No último dia 17, depois de mais de um ano de gestação, o MEC fez um show midiático para divulgar o Índice Geral de Cursos, o IGC, referente aos resultados do CPC – Conceito Preliminar de Curso, com base no Enade de 2010, 2009, 2008. O IGC foi publicizado como sendo a avaliação das instituições de educação superior (IES).

As autoridades do MEC justificam a divulgação dos conceitos gerados pelo Enade com o art. 9º da Lei nº 10.861, de 2004, que institui o Sistema Nacional de Avaliação da Educação Superior, o Sinaes. Essa Lei determina ao MEC – “tornar público e disponível o resultado da avaliação das instituições de ensino superior e de seus cursos”. Determina tornar público os conceitos oriundos da Lei do Sinaes. O IGC não é conceito do Sinaes. Quais são os conceitos do Sinaes?
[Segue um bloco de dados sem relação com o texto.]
Lemma partialC g : C2 g -> forall j l x,
  partial l (partial j g) x = partial j (partial l g) x.
Proof.
move=> [dg ddg cdg] j l x.
set ej := basis_vec R j; set el := basis_vec R l.
set D1 := partial l (partial j g); set D2 := partial j (partial l g).
apply/eqP; rewrite -subr_eq0 -normr_le0; apply/ler_addgt0Pr => e e0; rewrite add0r.
have e2 : 0 < e / 2 by rewrite divr_gt0.
have /cvgrPdist_lt /(_ _ e2) near1 := cdg j l x.
have /cvgrPdist_lt /(_ _ e2) near2 := cdg l j x.
have [h1 h1_0 close1] := near_small_steps ej el near1.
have [h2 h2_0 close2] := near_small_steps el ej near2.
pose h := Num.min h1 h2; have h0 : 0 < h by rewrite lt_min h1_0 h2_0.
have [s1 [t1 [s1_h t1_h E1]]] := second_difference_mvt el x dg (ddg j) h0 h0.
have [s2 [t2 [s2_h t2_h E2]]] := second_difference_mvt ej x dg (ddg l) h0 h0.
(* Both mixed partials are difference quotients of the same second difference. *)
have D12 : D1 (t1 *: el + (s1 *: ej + x)) = D2 (t2 *: ej + (s2 *: el + x)).
  apply: (mulfI (_ : h * h != 0)); first by rewrite mulf_neq0 // gt_eqF.
  rewrite -[LHS]E1 -[RHS]E2 -/ej -/el [h *: el + (h *: ej + x)]addrCA; ring.
have in_h1 r : 0 < r < h -> 0 < r < h1.
  by case/andP=> -> /lt_le_trans; apply; rewrite ge_min lexx.
have in_h2 r : 0 < r < h -> 0 < r < h2.
  by case/andP=> -> /lt_le_trans; apply; rewrite ge_min lexx orbT.
have c1 := close1 _ _ (in_h1 _ s1_h) (in_h1 _ t1_h).
have c2 := close2 _ _ (in_h2 _ s2_h) (in_h2 _ t2_h).
have -> : D1 x - D2 x = (D1 x - D1 (t1 *: el + (s1 *: ej + x)))
                       - (D2 x - D2 (t2 *: ej + (s2 *: el + x))).
  by rewrite D12 opprB addrA subrK.
apply: le_trans (ler_normB _ _) _; rewrite [e]splitr.
exact: ltW (ltrD c1 c2).
Qed.

End SecondDerivatives.

Section Minimum.
Variables (R : realType) (n : nat).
O Conceito Institucional (CI), art. 3º; o Conceito de Curso (CC), art. 4º; e o Conceito Enade, art. 5º. Não há um único dispositivo na Lei do Sinaes que trate de IGC e CPC. Esses indicadores não integram o Sinaes.
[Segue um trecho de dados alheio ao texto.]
(* Let $1\le m<n$, let $\mathbf{b}\in\{0,1\}^{n-m}$ with $\mathbf{b}\neq\mathbf{0}_{n-m}$, and let $y\in\mathbb{Q}[t]$. The map \[\mathrm{Tot}(\mathcal{L}^{\mathbb{Q}}_{T^m}(\mathbb{Q}[t];\mathbb{Q}))\to\mathrm{Tot}(\mathcal{L}^{\mathbb{Q}}_{T^n}(\mathbb{Q}[t];\mathbb{Q})),\qquad c\mapsto c_{(-,\mathbf{0})}\otimes y_{(\mathbf{0},\mathbf{b})}\] is a chain map.
   Context: The $n$-chain complex $C^{(n)}=\mathcal{L}^{\mathbb{Q}}_{T^n}(\mathbb{Q}[t];\mathbb{Q})$: in multi-degree $\mathbf{V}=(v_1,\dots,v_n)\in\mathbb{N}^n$, elements are sums of multi-matrices of size $(v_1+1)\times\cdots\times(v_n+1)$ with entries in $\mathbb{Q}[t]$ at coordinates $\mathbf{v}\ne\mathbf{0}_n$ ($\mathbf{0}\le\mathbf{v}\le\mathbf{V}$) and an entry in $\mathbb{Q}$ at $\mathbf{0}_n$ (tensor products over $\mathbb{Q}$; $\mathbb{Q}$ is a $\mathbb{Q}[t]$-module via $t\mapsto0$). In direction $i$ the slices are indexed by $j\in\{0,\dots,v_i\}$; $d_{i,j}$ ($j<v_i$) multiplies slices $j$ and $j+1$ entrywise into one slice and $d_{i,v_i}$ multiplies slice $v_i$ into slice $0$. With $\mathrm{d}_i=\sum_j(-1)^jd_{i,j}$, the total complex has differential $\mathrm{d}=\sum_i(-1)^{v_1+\cdots+v_{i-1}}\mathrm{d}_i$. $\mathbf{0}_k,\mathbf{1}_k$ are constant vectors of length $k$. For a multi-matrix $c$ in multi-degree $\mathbf{W}\in\mathbb{N}^m$ with entries $c_{\mathbf{a}}$, $c_{(-,\mathbf{0})}\otimes y_{(\mathbf{0},\mathbf{b})}$ is the multi-matrix in multi-degree $(\mathbf{W},\mathbf{1}_{n-m})$ with $c_{\mathbf{a}}$ at coordinate $(\mathbf{a},\mathbf{0}_{n-m})$, $y$ at coordinate $(\mathbf{0}_m,\mathbf{b})$, and $1$ elsewhere; the map is extended linearly. *)

From HB Require Import structures.
From mathcomp Require Import all_boot all_order all_algebra.
From mathcomp Require Import mpoly.
Set Implicit Arguments. Unset Strict Implicit. Unset Printing Implicit Defensive.
Import Order.TTheory GRing.Theory Num.Theory.
Local Open Scope ring_scope.

Definition deg (n : nat) := {ffun 'I_n -> nat}.

(* Coordinates v with 0 <= v <= V of the multi-matrix of multi-degree V. *)
Definition Coord n (V : deg n) := {dffun forall i : 'I_n, 'I_(V i).+1}.
Definition czero n (V : deg n) : Coord V := [ffun i => ord0].
(* Nonzero coordinates: those carrying a Q[t]-entry. *)
Definition NZ n (V : deg n) := {x : Coord V | x != czero V}.
Definition nv n (V : deg n) := #|{: NZ V}|.

(* The module in multi-degree V:
   Q (x) Q[t]^{(x) (nonzero coordinates)}  ~=  Q[t_v : v nonzero coordinate],
   an elementary tensor  x_0 (x) (x)_v x_v  being  x_0 * prod_v x_v(t_v). *)
Definition C n (V : deg n) := {mpoly rat[nv V]}.

(* The variable t_v at a coordinate v; at the zero coordinate (the Q-entry,
   where t acts by 0) the "variable" is 0. *)
Definition Xc n (V : deg n) (x : Coord V) : C V :=
  match (insub x : option (NZ V)) with
  | Some x' => 'X_(enum_rank x')
  | None => 0
  end.

(* The algebra map induced by a map of coordinates (multiplying entries
   sent to the same coordinate). *)
Definition cmap n (V : deg n) n' (V' : deg n') (phi : Coord V -> Coord V')
  (p : C V) : C V' :=
  comp_mpoly [tuple Xc (phi (val (enum_val l))) | l < nv V] p.

Definition up n (i : 'I_n) (U : deg n) : deg n := [ffun l => U l + (l == i)].

(* In direction i, from slice index range 0..v (v = U i + 1) to 0..v-1:
   j < v : merge slices j and j+1 ;  j = v : merge slice v into slice 0. *)
Definition faceidx (v j c : nat) : nat :=
  if (j < v)%N then (if (c <= j)%N then c else c.-1) else (if c == v then 0%N else c).

Definition phi n (i : 'I_n) (j : nat) (U : deg n) (x : Coord (up i U)) : Coord U :=
  [ffun l => inord (if l == i then faceidx (U i).+1 j (x l) else x l)].

Definition face n (i : 'I_n) (j : nat) (U : deg n) (p : C (up i U)) : C U :=
  cmap (@phi n i j U) p.

Definition dir n (i : 'I_n) (U : deg n) (p : C (up i U)) : C U :=
  \sum_(j < (U i).+2) (-1) ^+ j * @face n i j U p.

(* Families of elements, one in each multi-degree; the elements of
   Tot_k are the families supported on multi-degrees of total degree k
   (a finite set, so the direct sum is this product). *)
Definition fam n := forall V : deg n, C V.
Definition inTot n (k : nat) (x : fam n) : Prop :=
  forall V : deg n, (\sum_(i < n) V i)%N != k -> x V = 0.

Definition dtot n (x : fam n) : fam n := fun U =>
  \sum_(i < n) (-1) ^+ (\sum_(l < n | (l < i)%N) U l) * @dir n i U (x (up i U)).

Definition restr m n (U : deg n) : deg m :=
  [ffun i : 'I_m => if (insub (val i) : option 'I_n) is Some j then U j else 0%N].

Definition emb m n (U : deg n) (a : Coord (restr m U)) : Coord U :=
  [ffun k => inord (if (insub (val k) : option 'I_m) is Some i then val (a i) else 0%N)].

Definition bcoord m n (b : (n - m).-tuple bool) (U : deg n) : Coord U :=
  [ffun k => inord (if (m <= val k)%N then nat_of_bool (nth false b (val k - m)) else 0%N)].

Definition Fmap m n (b : (n - m).-tuple bool) (y : {poly rat}) (x : fam m) : fam n :=
  fun U =>
    if [forall k : 'I_n, (m <= val k)%N ==> (U k == 1%N)] then
      cmap (@emb m n U) (x (restr m U)) *
        (map_poly (@mpolyC _ rat) y).[Xc (bcoord b U)]
    else 0.

From HB Require Import structures.
From mathcomp Require Import all_boot all_order all_algebra.
From mathcomp Require Import mpoly zify.
From Stdlib Require Import FunctionalExtensionality.
Set Implicit Arguments. Unset Strict Implicit. Unset Printing Implicit Defensive.
Import Order.TTheory GRing.Theory Num.Theory.
Local Open Scope ring_scope.

(* The image of c is concentrated in the multi-degrees U with U_k = 1 for
   every new direction k >= m.  Out of such a degree the new differential d_k is
   d_{k,0} - d_{k,1}, and both faces merge slices 0 and 1, so d_k vanishes on
   the image.  In an old direction i < m the faces only touch the first m
   coordinates: they commute with padding coordinates by zeros, and they fix the
   coordinate (0, b) carrying y, whose i-th entry is 0.  The signs agree because
   they only involve the old degrees. *)

HB.instance Definition _ n (V : deg n) n' (V' : deg n') (f : Coord V -> Coord V') :=
  GRing.LRMorphism.copy (cmap f) (comp_mpoly [tuple Xc (f (val (enum_val l))) | l < nv V]).

Lemma cmap_Xc n (V : deg n) n' (V' : deg n') (f : Coord V -> Coord V') w :
  f (czero V) = czero V' -> cmap f (Xc w) = Xc (f w).
Proof.
move=> f0; rewrite /Xc; case: insubP => [w' _ <-|].
  by rewrite /cmap comp_mpolyXU -tnth_nth tnth_mktuple enum_rankK /Xc.
by rewrite negbK => /eqP ->; rewrite raddf0 f0 insubF ?eqxx.
Qed.

Lemma eq_cmap n (V : deg n) n' (V' : deg n') (f g : Coord V -> Coord V') :
  f =1 g -> cmap f =1 cmap g.
Proof. by move=> fg p; rewrite /cmap; congr comp_mpoly; apply: eq_mktuple => l; rewrite fg. Qed.

Lemma cmap_comp n (V : deg n) n' (V' : deg n') n'' (V'' : deg n'')
  (f : Coord V' -> Coord V'') (g : Coord V -> Coord V') p :
  f (czero V') = czero V'' -> cmap f (cmap g p) = cmap (f \o g) p.
Proof.
move=> f0; elim/mpolyind: p => [|c mm p _ _ IH]; first by rewrite !raddf0.
rewrite !raddfD /= !linearZ IH; congr (_ *: _ + _).
rewrite /= {2 3}/cmap !comp_mpolyX rmorph_prod; apply: eq_bigr => i _.
by rewrite !tnth_mktuple rmorphXn; congr (_ ^+ _); apply: cmap_Xc.
Qed.

Lemma cmap_horner n (V : deg n) n' (V' : deg n') (f : Coord V -> Coord V')
    (y : {poly rat}) w :
  f (czero V) = czero V' ->
  cmap f (map_poly (@mpolyC _ rat) y).[Xc w] = (map_poly (@mpolyC _ rat) y).[Xc (f w)].
Proof.
move=> f0; rewrite -horner_map -map_poly_comp /= -[X in _.[X]]/(cmap f _) cmap_Xc //.
by congr (_.[_]); apply: eq_map_poly => c /=; rewrite /cmap comp_mpolyC.
Qed.

Lemma val_inord N e : val (@inord N e) = if (e <= N)%N then e else 0%N.
Proof. by rewrite /inord val_insubd ltnS. Qed.

Lemma upE n (i : 'I_n) (U : deg n) l : up i U l = (U l + (l == i))%N.
Proof. by rewrite ffunE. Qed.

Lemma val_phi n (i : 'I_n) j (U : deg n) (x : Coord (up i U)) l :
  val (phi j x l) =
  val (@inord (U l) (if l == i then faceidx (U i).+1 j (x l) else x l)).
Proof. by rewrite ffunE. Qed.

Lemma faceidx_le v j c : (c <= v.+1)%N -> (faceidx v.+1 j c <= v)%N.
Proof. by rewrite /faceidx; case: ifP => hj; case: ifP => hc; move: hj hc; try move/eqP; lia. Qed.

Lemma faceidx0 v j : faceidx v j 0 = 0%N.
Proof. by rewrite /faceidx; case: ifP; rewrite ?if_same. Qed.

Lemma val_czero n (V : deg n) l : val (czero V l) = 0%N.
Proof. by rewrite ffunE. Qed.

Lemma phi_czero n (i : 'I_n) j (U : deg n) : phi j (czero (up i U)) = czero U.
Proof.
apply/ffunP => l; apply/val_inj.
by rewrite val_phi !val_czero faceidx0 !if_same val_inord.
Qed.

Lemma phi0_phi1 n (i : 'I_n) (U : deg n) : U i = 0%N -> @phi n i 0 U =1 @phi n i 1 U.
Proof.
move=> Ui0 x; apply/ffunP => l; apply/val_inj; rewrite !val_phi; case: eqP => [->|//].
have := ltn_ord (x i); move: (nat_of_ord (x i)) => c.
by rewrite upE eqxx Ui0 /faceidx; case: c => [|[|]].
Qed.

Lemma dir_deg1_eq0 n (i : 'I_n) (U : deg n) p :
  U i = 0%N -> dir (i := i) (U := U) p = 0.
Proof.
move=> Ui0; rewrite /dir Ui0 !big_ord_recl big_ord0 /face (eq_cmap (phi0_phi1 Ui0)).
by rewrite expr0 expr1 mul1r mulN1r addr0 subrr.
Qed.

(* [emb] is [pad] at W = restr m U; freeing the source degree W lets
   restr m (up i U) be rewritten to up i (restr m U) below. *)
Definition pad m n (W : deg m) (U : deg n) (a : Coord W) : Coord U :=
  [ffun k => inord (if (insub (val k) : option 'I_m) is Some i then val (a i) else 0%N)].

Section Padding.
Variables (m n : nat) (le_mn : (m <= n)%N).
Local Notation old := (widen_ord le_mn).

Lemma restrE (U : deg n) (i : 'I_m) : restr m U i = U (old i).
Proof.
rewrite ffunE; case: insubP => [i' _ e|]; first by congr (U _); apply/val_inj.
by rewrite /= (leq_trans (ltn_ord i) le_mn).
Qed.

Lemma restr_up (U : deg n) (i : 'I_m) : restr m (up (old i) U) = up i (restr m U).
Proof. by apply/ffunP => l; rewrite restrE !upE restrE. Qed.

Lemma new_neq_old (k : 'I_n) (i : 'I_m) : (m <= k)%N -> k != old i.
Proof. by move=> mk; rewrite -val_eqE neq_ltn /= (leq_trans (ltn_ord i) mk) orbT. Qed.

Lemma val_pad_old (W : deg m) (U : deg n) (a : Coord W) (k : 'I_m) :
  val (pad U a (old k)) = val (@inord (U (old k)) (a k)).
Proof. by rewrite ffunE /= valK. Qed.

Lemma val_pad_new (W : deg m) (U : deg n) (a : Coord W) (k : 'I_n) :
  (m <= k)%N -> val (pad U a k) = 0%N.
Proof. by move=> mk; rewrite ffunE insubF ?val_inord //= ltnNge mk. Qed.

Lemma pad_czero (W : deg m) (U : deg n) : pad U (czero W) = czero U.
Proof.
apply/ffunP => k; apply/val_inj; rewrite val_czero ffunE val_inord.
by case: insub => [k'|]; rewrite ?val_czero.
Qed.

Lemma phi_pad (U : deg n) (i : 'I_m) j (a : Coord (up i (restr m U))) :
  phi j (pad (up (old i) U) a) = pad U (phi j a).
Proof.
apply/ffunP => k; apply/val_inj; have [km|mk] := ltnP k m; last first.
  by rewrite val_phi (negbTE (new_neq_old i mk)) !val_inord !val_pad_new.
have -> : k = old (Ordinal km) by apply/val_inj.
move: (Ordinal km) => {k km} k.
rewrite val_pad_old !val_inord val_phi val_pad_old !val_phi !val_inord.
have := ltn_ord (a k); move: (nat_of_ord _) => c; rewrite !upE !restrE.
have [->|nki] := eqVneq k i.
  by rewrite !eqxx addn1 ltnS => hc; rewrite hc !(faceidx_le _ hc).
have nki' : old k != old i by rewrite -val_eqE /= val_eqE.
by rewrite (negbTE nki') addn0 ltnS => hc; rewrite hc.
Qed.

Lemma val_bcoord (b : (n - m).-tuple bool) (U : deg n) l :
  val (bcoord b U l) =
  val (@inord (U l) (if (m <= l)%N then nat_of_bool (nth false b (l - m)) else 0%N)).
Proof. by rewrite ffunE. Qed.

Lemma phi_bcoord (b : (n - m).-tuple bool) (U : deg n) (i : 'I_m) j :
  phi j (bcoord b (up (old i) U)) = bcoord b U.
Proof.
apply/ffunP => l; apply/val_inj; rewrite val_phi !val_bcoord upE.
have [->|nli] := eqVneq l (old i); last by rewrite addn0 inord_val.
have -> : (m <= old i)%N = false by rewrite leqNgt /= ltn_ord.
by rewrite !val_inord faceidx0.
Qed.

End Padding.

Lemma dir0 n (i : 'I_n) (U : deg n) : dir (i := i) (U := U) 0 = 0.
Proof. by rewrite /dir big1 // => j _; rewrite /face raddf0 mulr0. Qed.

Definition ones_beyond m n (U : deg n) : bool :=
  [forall k : 'I_n, (m <= k)%N ==> (U k == 1%N)].

Lemma FmapE m n (b : (n - m).-tuple bool) (y : {poly rat}) (x : fam m) (U : deg n) :
  Fmap b y x U = if ones_beyond m U then
    cmap (@pad m n _ U) (x (restr m U)) * (map_poly (@mpolyC _ rat) y).[Xc (bcoord b U)]
  else 0.
Proof. by []. Qed.

Section ChainMap.
Variables (m n : nat) (le_mn : (m <= n)%N).
Variables (b : (n - m).-tuple bool) (y : {poly rat}) (x : fam m).
Local Notation old := (widen_ord le_mn).
Local Notation y_at w := ((map_poly (@mpolyC _ rat) y).[Xc w]).

Lemma ones_beyond_up (U : deg n) (i : 'I_m) :
  ones_beyond m (up (old i) U) = ones_beyond m U.
Proof.
apply: eq_forallb => k; case: (leqP m k) => //= mk.
by rewrite upE (negbTE (new_neq_old le_mn i mk)) addn0.
Qed.

Lemma dir_Fmap_new (i : 'I_n) (U : deg n) : (m <= i)%N -> dir (Fmap b y x (up i U)) = 0.
Proof.
move=> mi; have [Ui0|Ui] := eqVneq (U i) 0%N; first exact: dir_deg1_eq0.
rewrite FmapE; case: ifP => [/forallP/(_ i)|_]; last exact: dir0.
by rewrite mi upE eqxx addn1 eqSS (negbTE Ui).
Qed.

Lemma dir_Fmap_old (i : 'I_m) (U : deg n) : ones_beyond m U ->
  dir (Fmap b y x (up (old i) U)) =
  cmap (@pad m n _ U) (dir (x (up i (restr m U)))) * y_at (bcoord b U).
Proof.
move=> hU; rewrite FmapE ones_beyond_up hU (restr_up le_mn U i).
rewrite /dir [in RHS]raddf_sum [in RHS]mulr_suml -(restrE le_mn U i).
apply: eq_bigr => j _ /=.
rewrite rmorphM rmorph_sign /= -mulrA; congr (_ * _).
rewrite /face rmorphM /= cmap_horner ?phi_czero // phi_bcoord; congr (_ * _).
rewrite !cmap_comp ?phi_czero ?pad_czero //; apply: eq_cmap => a /=.
exact: phi_pad.
Qed.

Lemma sum_lt_restr (U : deg n) (i : 'I_m) :
  (\sum_(l < n | (l < old i)%N) U l)%N = (\sum_(l < m | (l < i)%N) restr m U l)%N.
Proof.
rewrite (eq_bigl (fun l : 'I_n => (l < old i) && (l < m))%N); last first.
  by move=> l /=; apply/esym/andb_idr => li; exact: ltn_trans li (ltn_ord i).
by rewrite (big_ord_narrow_cond le_mn); apply: eq_bigr => l _; rewrite restrE.
Qed.

Lemma Fmap_dtot (U : deg n) : Fmap b y (dtot x) U = dtot (Fmap b y x) U.
Proof.
rewrite [LHS]FmapE /dtot (bigID (fun i : 'I_n => (i < m)%N)) /=.
rewrite [X in _ = _ + X]big1 ?addr0 => [|i]; last first.
  by rewrite -leqNgt => mi; rewrite dir_Fmap_new ?mulr0.
rewrite (big_ord_narrow le_mn); case: ifP => hU; last first.
  by rewrite big1 // => i _; rewrite FmapE ones_beyond_up hU dir0 mulr0.
rewrite raddf_sum mulr_suml; apply: eq_bigr => i _.
by rewrite dir_Fmap_old // sum_lt_restr /= (rmorphM (cmap (pad U))) rmorph_sign mulrA.
Qed.

Lemma inTot_Fmap k : inTot k x -> inTot (k + (n - m)) (Fmap b y x).
Proof.
move=> hx U; rewrite FmapE; case: ifP => [/forallP hU|//] hUk.
rewrite hx ?raddf0 ?mul0r //; apply: contra hUk => /eqP <-.
rewrite (bigID (fun i : 'I_n => (i < m)%N)) /= (big_ord_narrow le_mn).
apply/eqP; congr (_ + _)%N; first by apply: eq_bigr => i _; rewrite restrE.
rewrite (eq_big (fun i : 'I_n => xpredT i && (m <= i)%N) (fun=> 1%N)) => [|i|i].
- by rewrite -(big_geq_mkord m n xpredT (fun=> 1%N)) sum_nat_const_nat muln1.
- by rewrite -leqNgt.
- by rewrite -leqNgt => mi; apply/eqP/(implyP (hU i)).
Qed.

End ChainMap.

Theorem lemma4p7 (m n : nat) (hm : (1 <= m)%N) (hmn : (m < n)%N)
  (b : (n - m).-tuple bool) (hb : (b : seq bool) != nseq (n - m) false)
  (y : {poly rat}) (k : nat) (x : fam m) (hx : inTot k x) :
  inTot (k + (n - m)) (Fmap b y x) /\
  Fmap b y (dtot x) = dtot (Fmap b y x).
Proof.
split; first exact: (inTot_Fmap (ltnW hmn)).
exact: functional_extensionality_dep (Fmap_dtot (ltnW hmn) b y x).
Qed.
O MEC tem a obrigação legal de divulgar, periodicamente, os resultados das avaliações integrantes do Sinaes e não somente os resultados do Enade. Isso o MEC não cumpre. O MEC deve divulgar, anualmente, o CI – Conceito Institucional – das IES que integram o sistema federal de ensino e o CC – Conceito de Curso ofertado por essas mesmas instituições. Essa é a obrigação legal do Ministério da Educação, que não é cumprida desde 2004, sem qualquer justificativa do titular do Ministério ou da Presidência da República.

Segundo o Inep:

O Índice Geral de Cursos (IGC) é uma das medidas usadas pelo Inep para avaliar as instituições de educação superior, públicas e privadas. O IGC é um indicador expresso em conceitos, com pontuação variável de um a cinco pontos. Uma instituição que obtenha de três a cinco pontos atende de forma satisfatória; abaixo de dois a atuação é insatisfatória. O IGC de uma instituição é resultado da média ponderada do Conceito Preliminar de Curso (CPC), indicador de avaliação de cursos de graduação, e obedece a um ciclo de três anos, em combinação com o resultado do Enade, que mede o desempenho dos estudantes.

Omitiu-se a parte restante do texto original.